Step by step solution

01

Understanding the Probability

The probability of drawing a red ball in one draw is the number of red balls over the total number of balls: \( \frac{2}{5} \). Similarly, the probability of not drawing a red ball (drawing a black ball) is \( \frac{3}{5} \).
02

Defining the Desired Probability for Multiple Draws

We are interested in finding the number of draws, \( n \), needed to have a probability of at least 0.5 of drawing at least two red balls. This is, we want \( P(\text{at least 2 red balls in } n \text{ draws}) \geq 0.5 \).
03

Calculating the Probability of Complement Event

The probability of not drawing at least two red balls is the complementary event: drawing zero or one red ball. For zero red balls, the probability is \( \left(\frac{3}{5}\right)^n \). For one red ball, it is \( n \times \left(\frac{2}{5}\right) \times \left(\frac{3}{5}\right)^{n-1} \).
04

Setting Up the Inequality

The inequality for at least two red balls is: \[1 - \left[\left(\frac{3}{5}\right)^n + n \times \left(\frac{2}{5}\right) \times \left(\frac{3}{5}\right)^{n-1}\right] \geq 0.5\].
05

Solving the Inequality

Simplify the inequality from Step 4:\[\left(\frac{3}{5}\right)^n + n \times \left(\frac{2}{5}\right) \times \left(\frac{3}{5}\right)^{n-1} \leq 0.5\]Try different values of \( n \) to satisfy this condition.
06

Testing Values of n

Let’s test \( n = 4 \):- Probability of 0 red balls: \( \left( \frac{3}{5} \right)^4 = \frac{81}{625} \approx 0.1296 \).- Probability of 1 red ball: \( 4 \times \frac{2}{5} \times \left( \frac{3}{5} \right)^3 = \frac{324}{625} \approx 0.5184 \). - Total for 0 or 1 red balls: \( 0.1296 + 0.5184 = 0.648 \).This does not satisfy our condition.
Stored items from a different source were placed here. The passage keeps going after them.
Definition Fmat p q n m rho0 : 'M[C]_Ntot :=
  block_mx (diag_mx (\row_i rho p q n m rho0 (k i))) 0 0
           (mxdiag (fun j => FJ p q n m rho0 (Nj j) (kap j))).

Definition Hmat : 'M[C]_Ntot :=
  block_mx (diag_mx (\row_i c1 i)) 0 0 (mxdiag (fun j => HJ (Nj j) (cJ j))).

Definition G11 : 'M[C]_N1 := \matrix_(i, j) (k i + k j)^-1.
Definition G1 : 'M[C]_(N1, \sum_(j < s) Nj j) :=
  \mxrow_j G1J k (Nj j) (kap j).
Definition Gmat : 'M[C]_Ntot :=
  block_mx G11 G1 G1^T (\mxblock_(i, j) GJJ (Nj i) (Nj j) (kap i) (kap j)).

Definition Mmat p q n m rho0 : 'M[C]_Ntot :=
  Amat *m Fmat p q n m rho0 *m Gmat *m Hmat.

Definition rvec0 p q n m rho0 : 'cV[C]_Ntot :=
  col_mx (\col_i rho p q n m rho0 (k i))
         (\mxcol_j rJ p q n m rho0 (Nj j) (kap j)).
Definition rvec p q n m rho0 : 'cV[C]_Ntot := Amat *m rvec0 p q n m rho0.

Definition cvec : 'rV[C]_Ntot :=
  row_mx (\row_i c1 i) (\mxrow_j (\row_(l < Nj j) cJ j l)).

Definition wsol p q rho0 (n m : int) : C :=
  (cvec *m invmx (1%:M + Mmat p q n m rho0) *m rvec p q n m rho0) 0 0.

End Objects.
End LPKdV.

From HB Require Import structures.
From mathcomp Require Import all_boot all_order all_algebra.
From mathcomp Require Import ring.
Import Order.TTheory GRing.Theory Num.Theory.
Local Open Scope ring_scope.

(* The proof separates an abstract dressing argument from the verification
   that the concrete data fit into it.
   - [Dressing]: over any field, let K be a square matrix, c a row, and
     M(n,m), r(n,m) lattice fields with 1 + M invertible, satisfying the
     Sylvester equation K M + M K = r c and the dispersion relations
     (p - K) M(n+1,m) = (p + K) M(n,m), (p + K) r(n,m) = (p - K) r(n+1,m)
     (and likewise for q, m).  Then tau = c (1 + M)^-1 r solves lpKdV: each
     lattice step gives two bilinear relations between tau and auxiliary
     scalars, and four of them combine into the equation.
   - [JordanBlocks], [Taylor]: blockwise facts; Jordan blocks commute with
     lower triangular Toeplitz blocks, are symmetrized by Hankel blocks, and
     the Cauchy blocks of G solve rank-one Sylvester equations; the Taylor
     coefficients of rho(k) obey the recursion coming from
     (p - k) rho(n+1) = (p + k) rho(n).
   - [CauchyMatrix]: these assemble into the Sylvester equation for
     M = A F G H with K = Gamma and into the dispersion relations; the
     m-direction follows from the symmetry (p,n) <-> (q,m). *)

Set Implicit Arguments. Unset Strict Implicit. Unset Printing Implicit Defensive.

Lemma addmx_entry (R : nmodType) m n (A B : 'M[R]_(m, n)) i j :
  (A + B) i j = A i j + B i j.
Proof. by rewrite mxE. Qed.

Lemma oppmx_entry (R : zmodType) m n (A : 'M[R]_(m, n)) i j : (- A) i j = - A i j.
Proof. by rewrite mxE. Qed.

Lemma submx_entry (R : zmodType) m n (A B : 'M[R]_(m, n)) i j :
  (A - B) i j = A i j - B i j.
Proof. by rewrite !mxE. Qed.

Lemma scalemx_entry (R : pzRingType) m n a (A : 'M[R]_(m, n)) i j :
  (a *: A) i j = a * A i j.
Proof. by rewrite mxE. Qed.

Section Dressing.
Variables (F : fieldType) (N : nat) (K : 'M[F]_N) (c : 'rV[F]_N).

Lemma mx11_mulE (A B : 'M[F]_1) : (A *m B) 0 0 = A 0 0 * B 0 0.
Proof. by rewrite mxE big_ord1. Qed.

Lemma dressed_shift p (M M' : 'M_N) (r r' : 'cV_N) :
  K *m M + M *m K = r *m c -> K *m M' + M' *m K = r' *m c ->
  (p%:M - K) *m M' = (p%:M + K) *m M ->
  (p%:M - K) *m (1%:M + M') = (1%:M + M) *m (p%:M - K) + r *m c /\
  (1%:M + M') *m (p%:M + K) = (p%:M + K) *m (1%:M + M) + r' *m c.
Proof.
move=> syl syl' shiftM.
have regroup (x y z v : 'M[F]_N) : x + (y + z) = x + (y - v) + (z + v).
  by rewrite -addrA addrACA addNr addr0.
split.
  rewrite mulmxDr mulmx1 shiftM mulmxDl mul1mx -syl mulmxDl mulmxBr.
  by rewrite scalar_mxC !mul_scalar_mx; apply: regroup.
rewrite mulmxDl mul1mx mulmxDr mulmx1 -syl' mulmxDr -shiftM mulmxBl scalar_mxC.
by rewrite !mul_scalar_mx [K *m M' + _]addrC; apply: regroup.
Qed.
Lemma eq_take_cat (T : eqType) m k (s p q : seq T) :
  size p = m -> (m <= size s)%N ->
  (take (k + m) s == p ++ q) = (take m s == p) && (drop m (take (k + m) s) == q).
Proof.
move=> size_p le_ms.
rewrite -{1}(cat_take_drop m (take _ s)) take_takel ?leq_addl // eqseq_cat //.
by rewrite size_takel.
Qed.

Section POMDP.
Variables (R : realFieldType) (S A Y Z : finType).
Variables (rho : {ffun S * Y -> R}) (P : S -> A -> {ffun S * Y -> R})
          (mu : nat -> Z -> {ffun A -> R}) (phi : Z -> Y -> A -> Z) (z0 : Z).
Hypotheses (rho_distr : is_distr rho) (P_distr : forall s a, is_distr (P s a))
           (mu_distr : forall t z, is_distr (mu t z)).

Local Notation weight := (weight rho P mu phi z0).
Local Notation full := (@full S A Y Z phi z0).
Local Notation Pr := (Pr rho P mu phi z0).
Local Notation markov_chain := (markov_chain rho P mu phi z0).

Fixpoint agent_after (z : Z) (pa : A) (u : seq (S * Y * A)) (y : Y) : Z :=
  if u is (_, y0, a0) :: u' then agent_after (phi z y0 pa) a0 u' y else phi z y pa.

Definition next_agent (u : seq (S * Y * A)) (y : Y) : Z :=
  if u is (_, _, a0) :: u' then agent_after z0 a0 u' y else z0.

Definition next_law (u : seq (S * Y * A)) : {ffun S * Y -> R} :=
  if u is e :: u' then P (last e u').1.1 (last e u').2 else rho.

Definition extend (u : seq (S * Y * A)) (e : S * Y * A) : S * Y * Z * A :=
  (e.1.1, e.1.2, next_agent u e.1.2, e.2).

Lemma agent_after_rcons z pa u e y :
  agent_after z pa (rcons u e) y = phi (agent_after z pa u e.1.2) y e.2.
Proof. by case: e => [[s y'] a]; elim: u z pa => [|[[s0 y0] a0] u IH] z pa //=. Qed.

Lemma next_agent_rcons u e y : next_agent (rcons u e) y = phi (next_agent u e.1.2) y e.2.
Proof. by case: u => [|[[s0 y0] a0] u] /=; [case: e => [[]] | rewrite agent_after_rcons]. Qed.

Lemma next_law_rcons u e : next_law (rcons u e) = P e.1.1 e.2.
Proof. by case: u => [|e0 u] //=; rewrite last_rcons. Qed.

Lemma full_rest_rcons z pa u e :
  full_rest phi z pa (rcons u e) =
  rcons (full_rest phi z pa u) (e.1.1, e.1.2, agent_after z pa u e.1.2, e.2).
Proof.
by elim: u z pa => [|[[s0 y0] a0] u IH] z pa /=; [case: e => [[]] | rewrite IH].
Qed.

Lemma full_rcons u e : full (rcons u e) = rcons (full u) (extend u e).
Proof.
case: u => [|[[s0 y0] a0] u] /=; first by case: e => [[]].
by rewrite full_rest_rcons.
Qed.

Lemma size_full u : size (full u) = size u.
Proof. by elim/last_ind: u => [|u e IH] //; rewrite full_rcons !size_rcons IH. Qed.

Lemma wrest_rcons t z pr u e :
  wrest P mu phi t z pr (rcons u e) = wrest P mu phi t z pr u *
    P (last pr u).1.1 (last pr u).2 e.1 * mu (t + size u) (agent_after z pr.2 u e.1.2) e.2.
Proof.
elim: u t z pr => [|[[s1 y1] a1] u IH] t z pr /=.
  by case: e => [[s y] a]; rewrite addn0 !mul1r mulr1.
by rewrite IH addSnnS !mulrA.
Qed.

Lemma weight_rcons u e :
  weight (rcons u e) = weight u * next_law u e.1 * mu (size u) (next_agent u e.1.2) e.2.
Proof.
case: u => [|[[s0 y0] a0] u] /=; first by case: e => [[s y] a]; rewrite mul1r mulr1.
by rewrite wrest_rcons !mulrA add1n.
Qed.

Lemma next_law_distr u : is_distr (next_law u).
Proof. by case: u => [|e u] /=. Qed.

Lemma weight_ge0 u : 0 <= weight u.
Proof.
elim/last_ind: u => [|u e IH]; first exact: ler01.
by rewrite weight_rcons !mulr_ge0 // ?(next_law_distr u).1 ?(mu_distr _ _).1.
Qed.

Lemma sum_weight_rcons u : \sum_e weight (rcons u e) = weight u.
Proof.
rewrite sum_pair.
under eq_bigr do under eq_bigr do rewrite weight_rcons /=.
under eq_bigr do rewrite -mulr_sumr (mu_distr _ _).2 mulr1.
by rewrite -mulr_sumr (next_law_distr u).2 mulr1.
Qed.

Lemma Pr_rcons N E :
  Pr N.+1 E = \sum_(u : N.-tuple _) \sum_e
    (if E (rcons (full u) (extend u e)) then weight (rcons u e) else 0).
Proof.
rewrite /Pr big_mkcond (@big_tuple_rcons _ _ N (fun w => if E (full w) then weight w else 0)).
by under eq_bigr do under eq_bigr do rewrite full_rcons.
Qed.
Try \( n = 5 \): - Probability for 0 red balls: \( \left( \frac{3}{5} \right)^5 = \frac{243}{3125} \approx 0.0778 \).- Probability for 1 red ball: \( 5 \times \frac{2}{5} \times \left( \frac{3}{5} \right)^4 = \frac{972}{3125} \approx 0.3101 \).- Total: \( 0.0778 + 0.3101 = 0.3879 \).
07

Verifying Sufficient Draws

With \( n = 5 \), the probability of zero or one red ball is approximately \( 0.3879 \), so the probability of at least two red balls is \( 1 - 0.3879 = 0.6121 \), which is greater than 0.5. Thus, \( n = 5 \) draws are sufficient.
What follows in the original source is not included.